WHAT IS NEEDED —
All that is needed is the line in the material below containing "by rewrite current_nonneg", plus every line after it, printed exactly.

### EXCERPTED RECORDS ###

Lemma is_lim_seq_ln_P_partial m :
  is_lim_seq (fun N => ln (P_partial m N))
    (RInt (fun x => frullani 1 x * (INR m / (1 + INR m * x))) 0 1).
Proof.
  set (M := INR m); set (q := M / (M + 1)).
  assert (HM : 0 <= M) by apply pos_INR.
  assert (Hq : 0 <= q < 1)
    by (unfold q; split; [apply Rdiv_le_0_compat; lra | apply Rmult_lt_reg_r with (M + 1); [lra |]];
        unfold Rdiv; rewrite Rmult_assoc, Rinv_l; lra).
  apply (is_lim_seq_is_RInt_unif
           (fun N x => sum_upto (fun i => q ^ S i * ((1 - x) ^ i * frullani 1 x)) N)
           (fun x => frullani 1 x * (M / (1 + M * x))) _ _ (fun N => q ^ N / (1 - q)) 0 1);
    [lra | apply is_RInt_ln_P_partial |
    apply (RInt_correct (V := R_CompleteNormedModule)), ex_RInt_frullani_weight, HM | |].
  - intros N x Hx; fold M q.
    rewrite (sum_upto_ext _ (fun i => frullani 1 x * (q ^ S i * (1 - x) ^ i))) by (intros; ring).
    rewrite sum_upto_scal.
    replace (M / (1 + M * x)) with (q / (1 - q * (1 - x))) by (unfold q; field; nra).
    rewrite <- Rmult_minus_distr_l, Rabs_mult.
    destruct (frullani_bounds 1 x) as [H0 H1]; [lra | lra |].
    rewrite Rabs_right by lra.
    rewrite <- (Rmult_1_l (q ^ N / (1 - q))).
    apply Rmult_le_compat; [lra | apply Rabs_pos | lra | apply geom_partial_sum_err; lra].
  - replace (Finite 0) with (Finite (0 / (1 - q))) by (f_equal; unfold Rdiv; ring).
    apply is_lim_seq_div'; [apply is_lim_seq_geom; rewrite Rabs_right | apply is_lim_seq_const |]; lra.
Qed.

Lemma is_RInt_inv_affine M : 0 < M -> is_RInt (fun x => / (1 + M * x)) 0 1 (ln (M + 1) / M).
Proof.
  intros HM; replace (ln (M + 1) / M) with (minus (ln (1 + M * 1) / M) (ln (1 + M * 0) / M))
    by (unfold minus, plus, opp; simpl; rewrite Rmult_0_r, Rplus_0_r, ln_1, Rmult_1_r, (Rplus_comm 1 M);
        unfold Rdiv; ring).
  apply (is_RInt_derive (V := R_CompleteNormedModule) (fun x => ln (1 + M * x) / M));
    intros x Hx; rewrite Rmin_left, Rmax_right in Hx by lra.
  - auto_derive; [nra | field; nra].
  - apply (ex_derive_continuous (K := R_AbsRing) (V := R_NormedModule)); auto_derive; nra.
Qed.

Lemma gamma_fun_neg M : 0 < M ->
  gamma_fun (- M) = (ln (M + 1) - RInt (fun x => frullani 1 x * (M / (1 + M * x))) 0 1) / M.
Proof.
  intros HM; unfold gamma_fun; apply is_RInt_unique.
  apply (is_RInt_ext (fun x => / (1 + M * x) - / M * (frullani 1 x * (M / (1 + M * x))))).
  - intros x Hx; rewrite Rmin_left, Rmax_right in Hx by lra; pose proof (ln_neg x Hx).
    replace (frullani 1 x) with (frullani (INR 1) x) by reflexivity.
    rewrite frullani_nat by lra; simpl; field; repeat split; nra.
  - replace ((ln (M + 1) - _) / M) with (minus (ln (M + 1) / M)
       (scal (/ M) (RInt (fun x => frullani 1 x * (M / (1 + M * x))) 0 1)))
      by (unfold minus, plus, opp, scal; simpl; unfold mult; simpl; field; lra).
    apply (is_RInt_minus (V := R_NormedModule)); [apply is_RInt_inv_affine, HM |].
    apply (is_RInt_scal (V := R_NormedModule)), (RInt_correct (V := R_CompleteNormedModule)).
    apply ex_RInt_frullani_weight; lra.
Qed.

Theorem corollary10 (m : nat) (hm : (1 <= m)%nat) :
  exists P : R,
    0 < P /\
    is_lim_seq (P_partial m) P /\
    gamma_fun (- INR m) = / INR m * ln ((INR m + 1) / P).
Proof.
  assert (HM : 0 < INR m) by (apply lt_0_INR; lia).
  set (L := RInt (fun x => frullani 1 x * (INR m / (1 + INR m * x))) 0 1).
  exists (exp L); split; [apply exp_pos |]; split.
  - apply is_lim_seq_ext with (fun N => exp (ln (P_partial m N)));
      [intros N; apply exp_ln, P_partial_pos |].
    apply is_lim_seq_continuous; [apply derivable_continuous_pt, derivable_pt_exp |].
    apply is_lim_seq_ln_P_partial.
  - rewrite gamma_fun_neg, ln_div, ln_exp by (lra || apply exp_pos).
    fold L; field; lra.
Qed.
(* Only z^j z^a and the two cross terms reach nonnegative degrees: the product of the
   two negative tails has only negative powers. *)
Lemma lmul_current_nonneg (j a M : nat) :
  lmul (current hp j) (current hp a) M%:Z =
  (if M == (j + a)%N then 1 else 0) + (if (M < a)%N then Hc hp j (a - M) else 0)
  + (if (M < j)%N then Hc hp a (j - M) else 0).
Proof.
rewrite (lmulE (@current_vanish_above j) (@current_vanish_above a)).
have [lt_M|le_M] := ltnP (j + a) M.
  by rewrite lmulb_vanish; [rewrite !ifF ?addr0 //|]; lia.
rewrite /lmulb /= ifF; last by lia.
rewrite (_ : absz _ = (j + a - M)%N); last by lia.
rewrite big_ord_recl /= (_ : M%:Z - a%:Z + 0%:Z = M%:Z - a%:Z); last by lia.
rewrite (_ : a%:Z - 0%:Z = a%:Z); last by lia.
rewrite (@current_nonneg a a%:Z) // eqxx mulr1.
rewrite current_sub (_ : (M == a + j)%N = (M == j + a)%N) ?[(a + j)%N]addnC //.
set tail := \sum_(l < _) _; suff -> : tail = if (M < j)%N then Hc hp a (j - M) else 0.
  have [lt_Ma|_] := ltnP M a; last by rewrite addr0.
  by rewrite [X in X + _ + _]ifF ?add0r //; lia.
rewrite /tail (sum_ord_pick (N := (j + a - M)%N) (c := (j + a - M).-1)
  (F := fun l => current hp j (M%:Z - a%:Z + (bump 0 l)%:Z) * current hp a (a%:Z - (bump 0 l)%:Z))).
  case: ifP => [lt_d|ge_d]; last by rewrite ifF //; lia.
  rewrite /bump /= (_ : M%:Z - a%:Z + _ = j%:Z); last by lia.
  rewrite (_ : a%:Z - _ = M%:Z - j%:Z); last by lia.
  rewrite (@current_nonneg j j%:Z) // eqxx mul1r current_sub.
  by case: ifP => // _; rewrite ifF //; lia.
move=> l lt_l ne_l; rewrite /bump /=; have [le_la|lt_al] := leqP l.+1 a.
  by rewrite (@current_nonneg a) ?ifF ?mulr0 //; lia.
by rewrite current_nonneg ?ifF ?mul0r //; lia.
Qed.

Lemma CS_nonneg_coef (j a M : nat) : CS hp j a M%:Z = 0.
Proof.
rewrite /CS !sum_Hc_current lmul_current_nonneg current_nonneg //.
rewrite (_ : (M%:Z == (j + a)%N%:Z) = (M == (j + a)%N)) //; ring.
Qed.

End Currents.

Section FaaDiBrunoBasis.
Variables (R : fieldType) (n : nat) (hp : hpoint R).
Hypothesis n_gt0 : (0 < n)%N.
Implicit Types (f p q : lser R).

###

SOLUTION FOR THIS EXERCISE —
by rewrite current_nonneg ?ifF ?mul0r //; lia.
Qed.

Lemma CS_nonneg_coef (j a M : nat) : CS hp j a M%:Z = 0.
Proof.
rewrite /CS !sum_Hc_current lmul_current_nonneg current_nonneg //.
rewrite (_ : (M%:Z == (j + a)%N%:Z) = (M == (j + a)%N)) //; ring.
Qed.

End Currents.

Section FaaDiBrunoBasis.
Variables (R : fieldType) (n : nat) (hp : hpoint R).
Hypothesis n_gt0 : (0 < n)%N.
Implicit Types (f p q : lser R).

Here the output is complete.